Thanks for your feedback, it's certainly something I enjoy doing, always good to share any info I may have.

Chris has me booked for 4 sessions over the rest of the year, if you like us on facebook the page should keep you abreast of when these dates rae, so please do share this with your fellow local brewers!

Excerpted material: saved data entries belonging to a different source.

(* Write H = J C - lam N - h (2 n - N), where N counts the non-zero spins, n the
   +1 spins, and C is the integer bond cost: the sum over all rows and columns of
   Lambda of the squared jumps along the line, padded with 0 at both ends (the
   boundary condition).  A line carrying a non-zero spin costs at least 2, so
   C(eta) >= 2 x + 2 y where x, y count the rows and columns on which eta does not
   vanish; moreover N(eta) <= x y, and a zero line forces x < L or y < L.  The
   competitor is the quasi-square zeta with k (k + 1) plus spins (k + 1 = l_c) in a
   sea of minus spins, for which N(zeta) = L^2 and C(zeta) <= 4 L + 8 k + 4.  Since
   H(eta) - H(zeta) = J (C(eta) - C(zeta)) + (lam - h) (L^2 - N(eta)), an elementary
   bound on 2 J (x + y) - (lam - h) x y over the box gives
   H(eta) - H(zeta) >= (lam - h) L - J (8 k + 6) > 0 as soon as J exceeds an
   explicit threshold and L > (2 J / (lam - h))^3. *)

Lemma sum_indicator n m (X : nat -> int) :
  \sum_(d < n) (d == m :> nat)%:R * X d = (m < n)%:R * X m.
Proof.
elim: n => [|n IH]; first by rewrite big_ord0 mul0r.
rewrite big_ord_recr /= IH.
case: (n =P m) => [->|nm]; first by rewrite ltnn ltnSn mul0r mul1r add0r.
rewrite mul0r addr0.
by have -> : (m < n.+1)%N = (m < n)%N by apply/idP/idP; lia.
Qed.

Lemma sum_indicator_le1 n m : \sum_(d < n) (d == m :> nat)%:R <= 1 :> int.
Proof.
have := sum_indicator n m (fun _ => 1).
under eq_bigr do rewrite mulr1.
by move=> ->; rewrite mulr1; case: (m < n)%N.
Qed.

Lemma sum_delta n (a : 'I_n) (X : 'I_n -> int) :
  \sum_(c < n) (a == c :> nat)%:R * X c = X a.
Proof.
rewrite (bigD1 a) //= eqxx mul1r big1 ?addr0 // => c ne_ca.
have /negbTE -> : (a : nat) != c by rewrite eq_sym; exact: ne_ca.
by rewrite mul0r.
Qed.
Lemma tail_moment_bound_from t : T * expR h <= t -> tail_moment_bound F alpha delta k t.
Proof.
move=> tT u v u_gt0 uv nu nuF.
have t_gt0 : 0 < t by apply: lt_le_trans tT; rewrite mulr_gt0 ?expR_gt0.
have v_gt0 : 0 < v by apply: lt_le_trans uv.
have vu_ge1 : 1 <= v / u by rewrite ler_pdivlMr // mul1r.
have Tx : T <= t * expR (- h) by rewrite expRN ler_pdivlMr ?expR_gt0.
have expNh_le1 : expR (- h) <= 1 by rewrite expR_le1 oppr_le0 (ltW h_gt0).
have [Ft_gt0 _ _] := potter (le_trans Tx (ler_piMr (ltW t_gt0) expNh_le1)) (lexx 0).
set x0 := t * expR (- h) * (v / u).
have x0T : T <= x0 by rewrite (le_trans Tx) // ler_peMr // mulr_ge0 ?expR_ge0 ?ltW.
have [Fx0_gt0 _ _] := potter x0T (lexx 0).
have tail_le j : (nu [set` `]expR_grid (t * v) h j, +oo[] <=
    ((1 - F x0) * expR (- ((k%:R + gam) * h * j%:R)))%:E)%E.
  rewrite (stieltjes_of_itv_gt nuF) lee_fin /M expR_gridE.
  rewrite (_ : _ / u = x0 * expR (j%:R * h)); last by rewrite /x0; field; rewrite gt_eqF.
  have [_ _ up] := potter x0T (mulr_ge0 (ler0n _ j) (ltW h_gt0)).
  by move: up; rewrite (_ : _ * (j%:R * h) = - ((k%:R + gam) * h * j%:R)) // /gam; ring.
have Fx0_le : (1 - F x0) * (1 + k%:R / gam) <=
    2 * alpha / (alpha - k%:R) * (u / v) `^ (alpha - delta) * (1 - F t).
  have rescale := potter_from_rescale_le potter Tx (ltW h_gt0) vu_ge1 eta_le_delta.
  have C := tail_moment_constant_le k_ge0 k_lt eta_gt0 eta_le.
  rewrite invf_div -/x0 in rescale; rewrite -expR_h -/gam in C.
  have G_ge0 : 0 <= 1 + k%:R / gam by rewrite addr_ge0 ?divr_ge0 ?(ltW gam_gt0).
  have FQ_ge0 := mulr_ge0 (ltW Ft_gt0) (powR_ge0 (u / v) (alpha - delta)).
  by have := ler_wpM2r G_ge0 rescale; have := ler_wpM2l FQ_ge0 C; lra.
apply: le_trans (moment_le_geometric_tail (mulr_gt0 t_gt0 v_gt0) h_gt0 gam_gt0
  (ltW Fx0_gt0) tail_le) _.
have tv_ge0 : 0 <= t ^+ k * v ^+ k by rewrite mulr_ge0 ?exprn_ge0 ?ltW.
by rewrite lee_fin exprMn; have := ler_wpM2l tv_ge0 Fx0_le; lra.
Qed.

End TailMomentBound.

Lemma tail_moment_bound_eventually {R : realType} (F : R -> R) (alpha delta : R) (k : nat) :
  normalized_regularly_varying (fun x => 1 - F x) (- alpha) -> 0 < delta -> k%:R < alpha ->
  \forall t \near +oo, tail_moment_bound F alpha delta k t.
Proof.
(* eta <= delta yields the factor (u / v) `^ (alpha - delta), and
   eta <= (alpha - k) / 2 gives 1 + k / (alpha - k - eta) <= (alpha + k) / (alpha - k). *)
move=> Frv delta_gt0 k_lt; set eta := Num.min delta ((alpha - k%:R) / 2).
have eta_gt0 : 0 < eta by rewrite lt_min delta_gt0 divr_gt0 // subr_gt0.
have eta_le_delta : eta <= delta by rewrite ge_min lexx.
have eta_le : eta <= (alpha - k%:R) / 2 by rewrite ge_min lexx orbT.
have [T T_gt0 potter] := potter_bounds Frv eta_gt0.
near=> t; apply: (tail_moment_bound_from k_lt eta_gt0 eta_le_delta eta_le T_gt0 potter).
by near: t; apply: nbhs_pinfty_ge; rewrite num_real.
Unshelve. all: by end_near. Qed.

Theorem lemma5p3p3 (R : realType) (F : R -> R) (alpha delta : R) :
  distribution_function F ->
  0 < alpha ->
  normalized_regularly_varying (fun x => 1 - F x) (- alpha) ->
  0 < delta ->
  exists t4 : R, forall (u v t : R) (k : nat),
    0 < u -> u <= v -> t4 <= t -> (k%:R < alpha) ->
    forall nu : probability (measurableTypeR R) R, stieltjes_of (M u F) nu ->
    (\int[nu]_(x in [set` `[(t * v)%R, +oo[]) (x ^+ k)%:E <=
      ((2 * alpha / (alpha - k%:R)) * v ^+ k * (u / v) `^ (alpha - delta)
        * t ^+ k * (1 - F t))%:E)%E.
Proof.
(* Only the values of nu on half-lines are used, so the regularity of F as a
   distribution function is not needed. *)
move=> _ alpha_gt0 Frv delta_gt0.
have : \forall t \near +oo, forall k : 'I_(Num.trunc alpha).+1,
    k%:R < alpha -> tail_moment_bound F alpha delta k t.
  apply: filter_forall => k; have [k_lt|_] := ltP (k%:R : R) alpha.
    by apply: filterS (tail_moment_bound_eventually Frv delta_gt0 k_lt) => t.
  exact: nearW.
move=> [t4 [_ t4_bound]]; exists (t4 + 1) => u v t k u_gt0 uv t4t k_lt.
have k_ltN : (k < (Num.trunc alpha).+1)%N by rewrite ltnS truncn_ge_nat ?ltW.
by apply: (t4_bound t _ (Ordinal k_ltN)); rewrite // (lt_le_trans _ t4t) // ltrDl.
Qed.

www.facebook.com/devilsbrewerytasmania


Cheers
Dave


----------



## taztiger (13/6/15)

Talkback on again today at 10.00.


----------



## gezzanet (13/6/15)

Which station on abc?


----------



## michaeld16 (14/6/15)

Damn it missed this one and seems to take ages for them to update the podcasts


----------



## taztiger (14/8/15)

Talkback on again Saturday 10.00am on ABC 936 Hobart. Jump on the net or use their app if not in Tassie. We need to give them some calls to keep them interested!


----------



## taztiger (17/12/15)

taztiger said:


> Talkback on again Saturday 10.00am on ABC 936 Hobart. Jump on the net or use their app if not in Tassie. We need to give them some calls to keep them interested!



On again this Saturday 19th December.


----------



## michaeld16 (17/12/15)

Thanks for the heads up


----------



## taztiger (26/11/16)

Talkback on again today from 10. Dave Tottle from Devils Brewery is the guest.


----------



## michaeld16 (27/11/16)

bugger it missed this one.


----------